The EmDrive, unlike conventional space rocket engines, doesn't require any kind of propellant (also known as a reaction mass) to make propulsion possible. The idea is that electricity is converted into microwaves, and the microwave photons are fired into a truncated cone-shaped closed metal cavity. When fired into the cavity, the microwave photons push against the large end of the cone, causing the small end to accelerate in the opposite direction.
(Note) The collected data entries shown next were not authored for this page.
Lemma restr_countS n r g : restr_count d n.+1 r.+1 g =
  if [forall i : 'I_d, `|g [:: i] - g [::]| <= 1]
  then (\prod_(i < d) restr_count d n r (subtree g i))%N else 0%N.
Proof.
case: forallP => glip; last first.
  rewrite /restr_count (_ : _ `&` _ = set0) ?cnt_set0 //.
  apply/seteqP; split=> f // [/adm01S[_ fr] /= fg].
  by apply: glip => i; rewrite -fg; exact: fr.
rewrite /restr_count; set S := fun i => A n `&` [set h | restr d r h = subtree g i].
rewrite -(cnt_graft (g [::]) S) => [|i]; last by apply: finite_setIl; exact: finite_adm01.
congr cnt; apply/seteqP; split=> [f [/adm01S[fA _] fg]|f [f0 fS]].
  split=> [|i]; first by rewrite -fg.
  split; first exact: fA.
  by apply/funext=> s; rewrite -fg.
have fg i : restr d r (subtree f i) = subtree g i by case: (fS i).
split.
  apply/adm01S; split=> i; first by case: (fS i).
  have := congr1 (fun h : F => h [::]) (fg i); rewrite /restr /subtree /= => ->.
  by rewrite f0.
apply/funext=> -[|i s]; first by rewrite /restr /= f0.
exact: (congr1 (fun h : F => h s) (fg i)).
Qed.

End Counts.

(** * Total positivity and decay of the root counts *)

Section NeighbourSum.
Context {R : realFieldType}.
Implicit Types A B : int -> R.

Definition nbr_sum A (k : int) : R := A (k - 1) + A k + A (k + 1).

Definition tp2 A B : Prop :=
  forall p q : int, 1 <= p -> p <= q -> A q * B p <= A p * B q.

Lemma nbr_sum_ge0 A k : (forall k, 0 <= A k) -> 0 <= nbr_sum A k.
Proof. by move=> A0; rewrite /nbr_sum !addr_ge0. Qed.

Lemma ler_nbr_sum A B k : (forall k, A k <= B k) -> nbr_sum A k <= nbr_sum B k.
Proof. by move=> AB; rewrite /nbr_sum !lerD. Qed.

Lemma tp2_from0 A B : A 0 = A 1 -> B 0 = B 1 -> tp2 A B ->
  forall p q : int, 0 <= p -> p <= q -> A q * B p <= A p * B q.
Proof.
move=> eA eB AB p q p0 pq; have [->|p1] := eqVneq p 0; last by apply: AB; lia.
have [->|q1] := eqVneq q 0; first by [].
by rewrite eA eB; apply: AB; lia.
Qed.

Lemma ler_sum3_mul (a1 a2 a3 b1 b2 b3 c1 c2 c3 e1 e2 e3 : R) :
  c1 * b1 <= a1 * e1 -> c2 * b1 <= a1 * e2 -> c3 * b1 <= a1 * e3 ->
  c1 * b2 <= a2 * e1 -> c2 * b2 <= a2 * e2 -> c3 * b2 <= a2 * e3 ->
  c1 * b3 <= a3 * e1 -> c2 * b3 <= a3 * e2 -> c3 * b3 <= a3 * e3 ->
  (c1 + c2 + c3) * (b1 + b2 + b3) <= (a1 + a2 + a3) * (e1 + e2 + e3).
Proof. by move=> *; lra. Qed.

(* For q >= p + 2 the nine products compare termwise; for q = p + 1 the
   common block (A p + A (p+1)) * (B p + B (p+1)) cancels and the five
   remaining comparisons suffice. *)
Lemma tp2_nbr_sum A B : A 0 = A 1 -> B 0 = B 1 -> tp2 A B ->
  tp2 (nbr_sum A) (nbr_sum B).
Proof.
move=> eA eB AB p q p1 pq; have AB0 := @tp2_from0 A B eA eB AB.
have [->|qp] := eqVneq q p; first exact: lexx.
rewrite /nbr_sum; have [->|qp1] := eqVneq q (p + 1).
  rewrite addrK -[p + 1 + 1]addrA (_ : 1 + 1 = 2 :> int) //.
  have h1 := AB0 (p - 1) p ltac:(lia) ltac:(lia).
  have h2 := AB0 (p - 1) (p + 1) ltac:(lia) ltac:(lia).
  have h3 := AB0 (p - 1) (p + 2) ltac:(lia) ltac:(lia).
  have h4 := AB0 p (p + 2) ltac:(lia) ltac:(lia).
  have h5 := AB0 (p + 1) (p + 2) ltac:(lia) ltac:(lia).
  lra.
by apply: ler_sum3_mul; apply: AB0; lia.
Qed.

Lemma tp2X A B n : (forall k, 0 <= A k) -> (forall k, 0 <= B k) -> tp2 A B ->
  tp2 (fun k => A k ^+ n) (fun k => B k ^+ n).
Proof.
move=> A0 B0 AB p q p1 pq; rewrite -!exprMn.
by apply: lerXn2r; rewrite ?nnegrE ?mulr_ge0 //; exact: AB.
Qed.

End NeighbourSum.

Lemma lerXn_of_sq (R : realDomainType) (n : nat) (u w c : R) : (2 <= n)%N ->
  0 <= u <= w -> 0 <= c -> u ^+ 2 * c <= w ^+ 2 -> u ^+ n * c <= w ^+ n.
Proof.
move=> n2 /andP[u0 uw] c0 h; rewrite -(subnK n2) !exprD -mulrA.
apply: ler_pM => //; rewrite ?mulr_ge0 ?exprn_ge0 //.
by apply: lerXn2r; rewrite ?nnegrE // (le_trans u0).
Qed.

(* 10 (a + b + c) <= 7 (2 a + b), and 2 * 7^2 < 10^2. *)
Lemma decay_window_top (R : realFieldType) (n : nat) (a b c : R) : (2 <= n)%N ->
  0 <= a -> 0 <= b -> 0 <= c -> b * 2 <= a -> c * 2 ^+ 2 <= a ->
  (a + b + c) ^+ n * 2 <= (a + a + b) ^+ n.
Proof.
move=> n2 a0 b0 c0 ba; rewrite expr2 => ca.
apply: lerXn_of_sq; rewrite // ?addr_ge0 //=; first lra.
have : 10 * (a + b + c) <= 7 * (a + a + b) by lra.
by rewrite !expr2; nra.
Qed.

(* With u := u2 + u3 + u4 we have u Q <= 7/4 a, so that
   2 Q u^2 <= 49 a^2 / (8 Q) <= 4 a^2 <= (2 a + b)^2. *)
Lemma decay_window_far (R : realFieldType) (n : nat) (Q a b u2 u3 u4 : R) :
  (2 <= n)%N -> 2 <= Q -> 0 <= a -> 0 <= b -> 0 <= u2 -> 0 <= u3 -> 0 <= u4 ->
  u2 * Q <= a -> u3 * (2 * Q) <= a -> u4 * (2 * (2 * Q)) <= a ->
  (u2 + u3 + u4) ^+ n * (2 * Q) <= (a + a + b) ^+ n.
Proof.
move=> n2 Q2 a0 b0 *.
have uQ : 4 * ((u2 + u3 + u4) * Q) <= 7 * a by lra.
have u0 : 0 <= u2 + u3 + u4 by lra.
have aw : 2 * a <= a + a + b by lra.
move: uQ u0 aw; move: (u2 + u3 + u4) (a + a + b) => u w uQ u0 aw.
apply: lerXn_of_sq; rewrite // ?u0 ?mulr_ge0 //=; try lra; first by nra.
rewrite -(ler_pM2l (_ : 0 < Q)); last by lra.
have uQ0 : 0 <= u * Q by rewrite mulr_ge0 //; lra.
have v2 : 16 * ((u * Q) * (u * Q)) <= 49 * (a * a) by nra.
have w2 : 4 * (a * a) <= w * w by nra.
have -> : Q * (u ^+ 2 * (2 * Q)) = 2 * ((u * Q) * (u * Q)) by ring.
by rewrite expr2; nra.
Qed.

Section LipStep.
Context {R : realFieldType} (d : nat).
Implicit Types A B : int -> R.

Definition lip_step A : int -> R := fun k => nbr_sum A k ^+ d.

Lemma lip_step_ge0 A k : (forall k, 0 <= A k) -> 0 <= lip_step A k.
Proof. by move=> A0; rewrite exprn_ge0 // nbr_sum_ge0. Qed.

Lemma lip_stepZ c A : lip_step (fun k => c * A k) = fun k => c ^+ d * lip_step A k.
Proof. by apply/funext=> k; rewrite /lip_step /nbr_sum -!mulrDr exprMn. Qed.

Lemma iter_lip_stepZ c A r :
  iter r lip_step (fun k => c * A k) = fun k => c ^+ (d ^ r) * iter r lip_step A k.
Proof.
elim: r => [|r IH]; first by apply/funext=> k; rewrite expn0 expr1.
by rewrite iterS IH lip_stepZ; apply/funext=> k; rewrite -exprM expnSr.
Qed.

Lemma iter_lip_step_ge0 A r k : (forall k, 0 <= A k) -> 0 <= iter r lip_step A k.
Proof. by move=> A0; elim: r k => [|r IH] k //=; exact: lip_step_ge0. Qed.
The Cannae Drive also features an asymmetrical cavity, but is flatter than the EmDrive. According to Fetta, it works by deriving force from a reduced reflection coefficient at one of the device's end plates, due to imbalances in the Lorentz force (a combination of electric and magnetic force on a point charge due to electromagnetic fields). Nasa Eagleworks, on the other hand, suggests that the Cannae Drive works by the cavity pushing against a "quantum virtual plasma" of particles that shift in and out of existence.
And of course, Shawyer considers his invention to be better than Fetta's – he told Wired in 2014 that he believes that the Cannae Device produces much lower thrust than the EmDrive because the Cannae Drive's design has the unwelcome side effect of degrading the electrically charged particles in the cavity.
Who will be first to prove the propellant-less microwave thruster works?
If Fetta can get his thruster into space, prove that it can keep the cubesat in orbit for at least six months and publish research about it, he could Shaywer's thunder. The Briton is now working with an unmaned private UK aerospace company on developing the second generation of EmDrive (let's call it EmDrive 2.0), which will produce many orders of magnitude more thrust than any device currently in existence.
However, Nasa has yet to officially validate either space propulsion technology, and considers Eagleworks to be a sort of "moonshot" experimental laboratory for investigating fringe theories in advanced propulsion physics. It will probably take many more tests from Nasa and other groups of scientists before the technology gets taken seriously.